What we also know is that — as in many other GOP contests this winter — turnout was down as compared to 2008. This is the single biggest aspect of the Republican race so far: GOP voters are markedly unenthused by the Republican candidates and instead are choosing not to vote.

The implications for November are worrisome. Do these non-voters vote for the GOP nominee — even if they aren’t turned on by him — in order to defeat President Barack Obama? Or do they stay home then, too?

Keep in mind that if just 5 percent of the GOP base decides to sit it out in November, that alone could spell the difference in not only the presidential race but also in crucial Senate races where the Republicans are trying to regain the Senate majority and in the GOP’s attempt to keep control of the House.

It is clear that the internecine warfare has hurt the GOP — both as a national brand and as an identifying label for the ultimate Republican nominee. Recent polling now shows a 10 percent deficit for a “Republican” versus a “Democrat.”

What does Illinois mean in the overall scope of the GOP race?

It means that Romney won a primary he needed to win — as usual — and it also means that Santorum seems to always fall short when he has a golden opportunity to take that last step from challenger to front-runner. He has had two previous similar opportunities — Michigan and Ohio — and couldn’t elevate his game in either instance.

Louisiana on Saturday now becomes a must-win for Santorum — and a similarly golden opportunity for Romney to upset Santorum in an “away game.”

Illinois also means that when Newt is a non-factor, Santorum still cannot get enough conservatives to support him and thus beat Romney “one-on-one,” as he has bragged he could do, in a Midwestern state. (He will get two more opportunities in April: his home state of Pennsylvania and Wisconsin.)

The Land of Lincoln also became the Land of Lethargy, with polling showing a lack of enthusiasm for Romney — even among many of his own voters. Anecdotally the media found scores of people attending Romney campaign events who reported their own lack of enthusiasm for him.

Overall, the state of the race is this: Romney is slogging toward the nomination in a newly imposed GOP primary/caucus system designed to go through June. NBC earlier today projected that Romney will be 50 delegates shy of the 1144 when the GOP Convention begins on August 27 in Tampa.

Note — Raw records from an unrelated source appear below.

(* Consider the discrete-time system $x_{k+1}=(I-\varepsilon\Delta)x_k+\varepsilon\pi A\psi(x_k)$, with $\pi>0$, each $\psi_i$ satisfying (A1)–(A4), and step size $0<\varepsilon<\frac{2}{\max_i\delta_i}$. Suppose the system admits a period-2 orbit: there is $K\ge0$ such that $x_{K+1}\neq x_K$ and $x_{k+2}=x_k$ for all $k\ge K$. Then $\pi>\pi_{1,d}$.
   Context: Let $\mathcal G$ be an undirected, connected signed graph on $n$ nodes without self-loops, with symmetric adjacency matrix $A=[a_{ij}]$ having zero diagonal and entries of either sign. Let $\delta_i=\sum_j|a_{ij}|>0$ and $\Delta=\mathrm{diag}(\delta_i)$. For $\pi>0$ let $L_\pi=\Delta-\pi A$. Define $\pi_{1,d}$ as the smallest $\pi>0$ at which the largest eigenvalue satisfies $\lambda_n(L_\pi)=2/\varepsilon$, equivalently the smallest eigenvalue of $J_\pi=I-\varepsilon L_\pi$ equals $-1$. Each $\psi_i:\mathbb R\to\mathbb R$ is smooth and satisfies: (A1) $\psi_i$ is odd; (A2) $\psi_i'>0$ everywhere and $\psi_i'(0)=1$; (A3) $\lim_{s\to\pm\infty}\psi_i(s)=\pm1$; (A4) $\psi_i$ is strictly convex for $s<0$ and strictly concave for $s>0$. Here $\psi(x)=(\psi_i(x_i))_i$. *)

From HB Require Import structures.
From mathcomp Require Import all_boot all_order all_algebra.
From mathcomp Require Import all_classical all_reals all_analysis.
Set Implicit Arguments. Unset Strict Implicit. Unset Printing Implicit Defensive.
Import Order.TTheory GRing.Theory Num.Theory.
Import numFieldNormedType.Exports.
Local Open Scope classical_set_scope.
Local Open Scope ring_scope.

Section Defs.
Variable R : realType.

Definition delta (n : nat) (A : 'M[R]_n) (i : 'I_n) : R := \sum_(j < n) `|A i j|.

Definition Delta (n : nat) (A : 'M[R]_n) : 'M[R]_n := diag_mx (\row_i delta A i).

Thus the GOP race will have months to go, and millions more to spend. That means those dollars and these days and weeks are not spent exposing President Obama’s record and rebuilding the Republican nominee’s reputation and organization; instead Santorum and Gingrich will be blasting Romney and he will fire back. All the while, Obama floats above the fray, building a state-by-state organization in 16 crucial swing states.

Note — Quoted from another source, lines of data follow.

(* Let $G$ be an abelian group with nontrivial torsion subgroup, let $p=p(G)$, and let $A\subseteq G$ with $|A|<\lceil \log_2 p\rceil$. Then there exists a total ordering $\preceq$ of $A$ that is compatible with the group structure of $G$.
   Context: $p(G)$ denotes the smallest cardinality of a nonzero subgroup of $G$. A total order $\preceq$ on $A\subseteq G$ is compatible with the group structure if for all $a,b,c\in A$, $a\preceq b$ implies $a+c\preceq b+c$. *)

From HB Require Import structures.
From mathcomp Require Import all_boot all_order all_algebra.
Set Implicit Arguments. Unset Strict Implicit. Unset Printing Implicit Defensive.
Import GRing.Theory.
Local Open Scope ring_scope.

Definition is_subgroup (G : zmodType) (H : G -> Prop) : Prop :=
  H 0 /\ (forall x y, H x -> H y -> H (x - y)).

Definition is_nonzero (G : zmodType) (H : G -> Prop) : Prop :=
  exists x, H x /\ x != 0.

Definition has_card (G : zmodType) (H : G -> Prop) (n : nat) : Prop :=
  exists s : seq G, uniq s /\ (forall x, H x <-> x \in s) /\ size s = n.

Definition nontrivial_torsion (G : zmodType) : Prop :=
  exists x : G, x != 0 /\ exists n : nat, (0 < n)%N /\ x *+ n = 0.

(* p = p(G): the smallest cardinality of a nonzero subgroup of G
   (infinite subgroups have infinite cardinality, hence never the minimum
   when a finite nonzero subgroup exists). *)
Definition is_pG (G : zmodType) (p : nat) : Prop :=
  (exists H : G -> Prop, is_subgroup H /\ is_nonzero H /\ has_card H p) /\
  (forall (H : G -> Prop) (n : nat),
      is_subgroup H -> is_nonzero H -> has_card H n -> (p <= n)%N).

Definition total_order_on (G : zmodType) (A : G -> Prop) (le : G -> G -> Prop) : Prop :=
  (forall a, A a -> le a a) /\
  (forall a b, A a -> A b -> le a b -> le b a -> a = b) /\
  (forall a b c, A a -> A b -> A c -> le a b -> le b c -> le a c) /\
  (forall a b, A a -> A b -> le a b \/ le b a).

(* le is compatible with the group structure on A:
   for a b c in A, a <= b implies a + c <= b + c (whenever these sums lie in A,
   so that the comparison makes sense for an order on A). *)
Definition compatible_on (G : zmodType) (A : G -> Prop) (le : G -> G -> Prop) : Prop :=
  forall a b c, A a -> A b -> A c -> A (a + c) -> A (b + c) ->
    le a b -> le (a + c) (b + c).

From HB Require Import structures.
From mathcomp Require Import all_boot all_order all_algebra.
From mathcomp Require Import zify.
Set Implicit Arguments. Unset Strict Implicit. Unset Printing Implicit Defensive.
Import Order.TTheory GRing.Theory Num.Theory.
Local Open Scope ring_scope.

Former GOP Chairman Michael Steele and the members of the RNC really blundered when they adopted the Democrat Party-style proportional delegate system which is guaranteed to stretch the process out, exhaust the candidates — and the voters — and burn through all the campaign money.

People are speculating about the possibility of a brokered convention. The simple answer is this: the USA is in a national state of distress. Seventy percent of the people say they are “alienated” from the two parties. No one trusts anyone.

In an atmosphere like this, anything is possible — including the unexpected.

In fact, the odds are that something truly out-of-the box is almost guaranteed to occur before November 6. This could mean a surprise veep pick, an October surprise, or a shocking news event that alters the dynamics of the general election.

As in 1968, when the public is roiled, the election will reflect that uncertainty. Be prepared for the unexpected between now and November 6.